Song by Jim Gilstrap
- B-side: "Swing Your Daddy, Pt. 2"
- Released: 1975
- Label: Roxbury Records RB-2006
- Songwriter: Kenny Nolan
- Producer: Kenny Nolan

= Swing Your Daddy =

"Swing Your Daddy" was a 1975 single for singer Jim Gilstrap. It became a hit for him that year, charting in various countries around the world.

==Background==
"Swing Your Daddy" was composed by Kenny Nolan. The song was copyrighted in 1974. The song which was recorded by Jim Gilstrap was backed with "Swing Your Daddy Pt. 2", and released in the US on Roxbury 2006.
==Reception==
The single was one of the Record World Single Picks for the week of 8 February 1975. In the short review, besides mentioning that the composer and producer was Kenny Nolan, the reviewer called the song an early-Impressions type of sound. Taking note of three songs by producer and writer Nolan that were currently charting well, the reviewer also wrote that the single should make it four.
==Charts==
For the week of 15 February 1975, "Swing Your Daddy" debuted at no. 137 in the Record World 101 - 150 Singles Chart. Having reached the position of 104 in the Record World 101 - 150 Singles Chart in the previous week, the single made its debut at no. 88 in the Record World Singles chart for the week of 1 March. It also debuted at no. 62 in the Record World R&B Singles chart. For the week of 19 April, and at its eighth charting week, the single peaked at no. no 61 in the Record World Singles chart, and at no. 23 in the Record World R&B Singles chart. It would stay in the R&B chart until 10 May.

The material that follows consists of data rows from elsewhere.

Theorem corollary1p2 (tau : C) (Htau : 0 < Im tau) (K : Z) (HK : (0 < K)%Z)
  (m : Z) (Hm : Z.Even (m - K)) :
  string_fn m K (2 * K) tau =
  (qpow tau (sfun m K (2 * K)) / (J1 tau) ^ 3 *
   hecke_f (K + 1) (K + 1) 1 (qpow tau (IZR K + 1))
     (qpow tau (1 + (IZR m + IZR K) / 2)) (qpow tau 1))%C.
Proof.
  destruct Hm as [j Hj]. replace m with (K + 2 * j)%Z by lia.
  unfold string_fn.
  rewrite (hecke_f_change_of_variables tau K j Htau ltac:(lia)). reflexivity.
Qed.
Lemma card_kills_le N P : partition P N ->
  (#|[set chi | (nontriv chi == N) && kills chi P]| <= n ^ (#|N| - #|P|))%N.
Proof.
move=> partP; have trX := transversalP partP.
rewrite -card_setD_transversal //; apply: card_dualvec_agree => chi chi'; rewrite !inE.
move=> /andP[/eqP suppN killP] /andP[/eqP suppN' killP'] agree.
apply: nontriv_eq_agree suppN suppN' _; rewrite -(cover_partition partP).
by apply: (kills_agree_transversal trX) => //; rewrite (cover_partition partP).
Qed.

(* Two distinct pairings [P] and [Q] of [N]: a block [B] of [P] not in [Q]
   has a point [x] outside the transversal, and killing [Q] as well determines
   [chi x] from the coordinates off [B]. *)
Lemma card_kills2_le N P Q : partition P N -> partition Q N -> P != Q ->
  {in P, forall B : {set 'I_n}, #|B| = 2} -> {in Q, forall C : {set 'I_n}, #|C| = 2} ->
  (n * #|[set chi | [&& nontriv chi == N, kills chi P & kills chi Q]]|
     <= n ^ (#|N| - #|P|))%N.
Proof.
move=> partP partQ neqPQ pairP pairQ.
have /subsetPn[B PB QB] : ~~ (P \subset Q).
  apply: contra neqPQ => sPQ; rewrite eqEcard sPQ -(leq_pmul2r (ltn0Sn 1)).
  rewrite -(card_uniform_partition pairP partP).
  by rewrite -(card_uniform_partition pairQ partQ) leqnn.
set X := transversal P N; have trX := transversalP partP.
have [x Bx xX] : exists2 x, x \in B & x \notin X.
  apply/subsetPn/negP => sBX; case/and3P: trX => _ _ /forall_inP/(_ B PB).
  by rewrite (setIidPr sBX) (pairP B PB).
have xN : x \in N by apply: subsetP (partitionS partP PB) x Bx.
set C := pblock Q x; have covQ := cover_partition partQ.
have QC : C \in Q by rewrite pblock_mem ?covQ.
have Cx : x \in C by rewrite mem_pblock covQ.
have C_offB : {in C :\ x, forall i, i \notin B}.
  move=> i /setD1P[ix Ci]; apply: contra QB => Bi.
  by rewrite (eq_set2_card2 (pairP B PB) Bi Bx ix) -(eq_set2_card2 (pairQ C QC) Ci Cx ix).
have partPB := partitionD1 partP PB.
rewrite -card_setD_transversal // (cardsD1 x) inE xX xN /= add1n expnS leq_mul2l.
apply/orP; right; apply: card_dualvec_agree => chi chi'.
rewrite !inE => /and3P[/eqP suppN killP killQ] /and3P[/eqP suppN' killP' killQ'] agree.
have agree_offB : {in N :\: B, chi =1 chi'}.
  rewrite -(cover_partition partPB); apply: (kills_agree_transversal trX) => //.
    exact: subD1set.
  move=> i; rewrite (cover_partition partPB) => /setDP[/setDP[iN Bi] iX]; apply: agree.
  by rewrite !inE iX iN /= andbT; apply: contraNneq Bi => ->.
have agreeC : {in C, chi =1 chi'}.
  apply: (kills_agree_block (X := [set x]) killQ killQ' QC).
    by rewrite (leq_trans (subset_leq_card (subsetIl _ _))) ?cards1.
  move=> i /setDP[Ci]; rewrite inE => ix; apply: agree_offB.
  by rewrite inE C_offB ?(subsetP (partitionS partQ QC)) // !inE ix.
have agreeB : {in B, chi =1 chi'}.
  apply: (kills_agree_block (X := B :\ x) killP killP' PB).
    rewrite (setIidPl (subsetDl _ _)).
    by move: (pairP B PB); rewrite (cardsD1 x B) Bx add1n => -[->].
  by move=> i /setDP[Bi]; rewrite !inE Bi andbT negbK => /eqP ->; apply: agreeC.
apply: nontriv_eq_agree suppN suppN' _ => i iN.
by have [/agreeB|Bi] := boolP (i \in B); last by apply: agree_offB; rewrite inE Bi.
Qed.
Lemma scaled_powRB_ge (q s x r y : R) : 0 < x -> x <= r -> r <= y -> 0 <= s ->
  y `^ q - x `^ q <= r `^ (- s) * (y `^ (q + s) - x `^ (q + s)).
Proof.
move=> x0 xr ry s0; have rs0 : 0 < r `^ s by rewrite powR_gt0 // (lt_le_trans x0).
rewrite powRN ler_pdivlMl//.
by have := scaled_powRB_le (q + s) x0 xr ry s0; rewrite addrK.
Qed.

Lemma sandwich_ratio_dist (J D p e : R) : 0 < D -> 0 < e -> e <= p / 2 ->
  D / (p + e) <= J -> J <= D / (p - e) -> `|J / D - p^-1| <= 2 * e / (p * p).
Proof.
move=> D0 e0 ep lo hi.
have p0 : 0 < p by lra.
have pe0 : 0 < p - e by lra.
set x := J / D.
have x_lo : 1 <= x * (p + e).
  by rewrite /x mulrAC ler_pdivlMr// mul1r -ler_pdivrMr// addr_gt0.
have x_hi : x * (p - e) <= 1.
  by rewrite /x mulrAC ler_pdivrMr// mul1r -ler_pdivlMr.
have x0 : 0 < x by rewrite /x divr_gt0// (lt_le_trans _ lo)// divr_gt0// addr_gt0.
have xe : x * e <= 2 * e / p.
  rewrite ler_pdivlMr// mulrAC; apply: ler_wpM2r; first exact: ltW.
  have : x * (p / 2) <= 1 by apply: le_trans x_hi; apply: ler_wpM2l; lra.
  lra.
have -> : x - p^-1 = (x * p - 1) / p by field; rewrite gt_eqF.
have -> : 2 * e / (p * p) = 2 * e / p / p by rewrite invfM mulrA.
rewrite normrM [`|p^-1|]ger0_norm ?invr_ge0; last exact: ltW.
rewrite ler_pM2r ?invr_gt0//.
rewrite mulrDr mulrBr in x_lo x_hi.
rewrite ler_norml; apply/andP; split; lra.
Qed.

End PowerFunctions.

Section IntegralOfRho.
Context {R : realType} (alpha : R) (rho : R -> R).
Hypothesis rho_regvar : regvar alpha rho.
Notation mu := (@lebesgue_measure R).
Local Notation L := (Lrho alpha rho).
Local Notation I := (Irho rho).

Lemma rho_gt0_le1 {t : R} : 0 <= t -> 0 < rho t <= 1.
Proof. by have [_ [rho01 _]] := rho_regvar; exact: rho01. Qed.

Lemma integrable_rho (u v : R) : 0 <= u -> mu.-integrable `[u, v] (EFin \o rho).
Proof.
move=> u0; have [rho_mes _] := rho_regvar.
have sub : `[u, v] `<=` `[0, +oo[.
  by move=> x /=; rewrite !in_itv/= andbT => /andP[ux _]; exact: le_trans ux.
apply: measurable_bounded_integrable => //.
- exact: compact_finite_measure (@segment_compact R u v).
- exact: measurable_funS _ sub rho_mes.
- exists 1; split => // M M1 x /sub /=; rewrite in_itv/= andbT => x0.
  have /andP[r0 r1] := rho_gt0_le1 x0.
  by rewrite ger0_norm ?ltW//; exact: le_lt_trans r1 M1.
Qed.

Lemma IrhoB (u v : R) : 0 <= u -> u <= v -> I v - I u = \int[mu]_(x in `[u, v]) rho x.
Proof.
move=> u0 uv; rewrite /Irho Rintegral_itvB ?bnd_simp//; last exact: integrable_rho.
rewrite Rintegral_itv_obnd_cbnd//.
apply: integrableS (integrable_rho v u0) => //.
by move=> x; apply: subset_itvr; rewrite bnd_simp.
Qed.

Lemma IrhoB_bounds (u v : R) : 0 <= u -> u <= v -> 0 <= I v - I u <= v - u.
Proof.
move=> u0 uv; rewrite IrhoB//.
have rho_on (s : R) : `[u, v]%classic s -> 0 < rho s <= 1.
  by rewrite /= in_itv/= => /andP[us _]; exact/rho_gt0_le1/(le_trans u0 us).
apply/andP; split.
  by apply: Rintegral_ge0 => s /rho_on /andP[/ltW].
apply: le_trans (_ : \int[mu]_(x in `[u, v]) cst 1 x <= _).
  apply: le_Rintegral => //; first exact: integrable_rho.
    apply: continuous_compact_integrable; first exact: segment_compact.
    exact/continuous_subspaceT/cst_continuous.
  by move=> s /rho_on /andP[].
rewrite Rintegral_cst// mul1r.
have /= -> := lebesgue_measure_itv `[u, v].
by rewrite lte_fin; case: ltP => //=; rewrite subr_ge0.
Qed.

Lemma Lrho_gt0 {x : R} : 0 < x -> 0 < L x.
Proof. by move=> x0; rewrite mulr_gt0 ?powR_gt0//; case/andP: (rho_gt0_le1 (ltW x0)). Qed.

Lemma rho_eq_powR_Lrho (sigma s : R) : 0 < s ->
  rho s = s `^ (sigma - alpha) * (s `^ (- sigma) * L s).
Proof.
move=> s0; rewrite /Lrho !mulrA -!powRD_gt0//.
by rewrite (_ : _ + _ + _ = 0) ?powRr0 ?mul1r//; ring.
Qed.

Lemma IrhoB_ge_scaled_powR (c g u v : R) : 0 < u -> u <= v -> g + 1 != 0 ->
  (forall s, u <= s -> s <= v -> c * s `^ g <= rho s) ->
  c * ((v `^ (g + 1) - u `^ (g + 1)) / (g + 1)) <= I v - I u.
Proof.
move=> u0 uv g1 le_rho; rewrite IrhoB ?(ltW u0)// -integral_scaled_powR//.
apply: le_Rintegral => //; last first.
- by move=> s /=; rewrite in_itv/= => /andP[]; exact: le_rho.
- exact: integrable_rho (ltW u0).
- apply: continuous_compact_integrable; first exact: segment_compact.
  exact: within_continuous_scaled_powR.
Qed.

Lemma IrhoB_le_scaled_powR (c g u v : R) : 0 < u -> u <= v -> g + 1 != 0 ->
  (forall s, u <= s -> s <= v -> rho s <= c * s `^ g) ->
  I v - I u <= c * ((v `^ (g + 1) - u `^ (g + 1)) / (g + 1)).
Proof.
move=> u0 uv g1 rho_le; rewrite IrhoB ?(ltW u0)// -integral_scaled_powR//.
apply: le_Rintegral => //; last first.
- by move=> s /=; rewrite in_itv/= => /andP[]; exact: rho_le.
- apply: continuous_compact_integrable; first exact: segment_compact.
  exact: within_continuous_scaled_powR.
- exact: integrable_rho (ltW u0).
Qed.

Also in the US, the song made it to no. 55 in the US on the Billboard chart.

In Australia and Canada it reached no. 64 and 63 respectively.

In the UK, it got to no. 4. It spent 19 weeks in the New Zealand charts, peaking at no. 9.

==Other versions==
South African singer Lionel Petersen recorded a version which appeared on his album, I'll Take You Where the Music's Playing.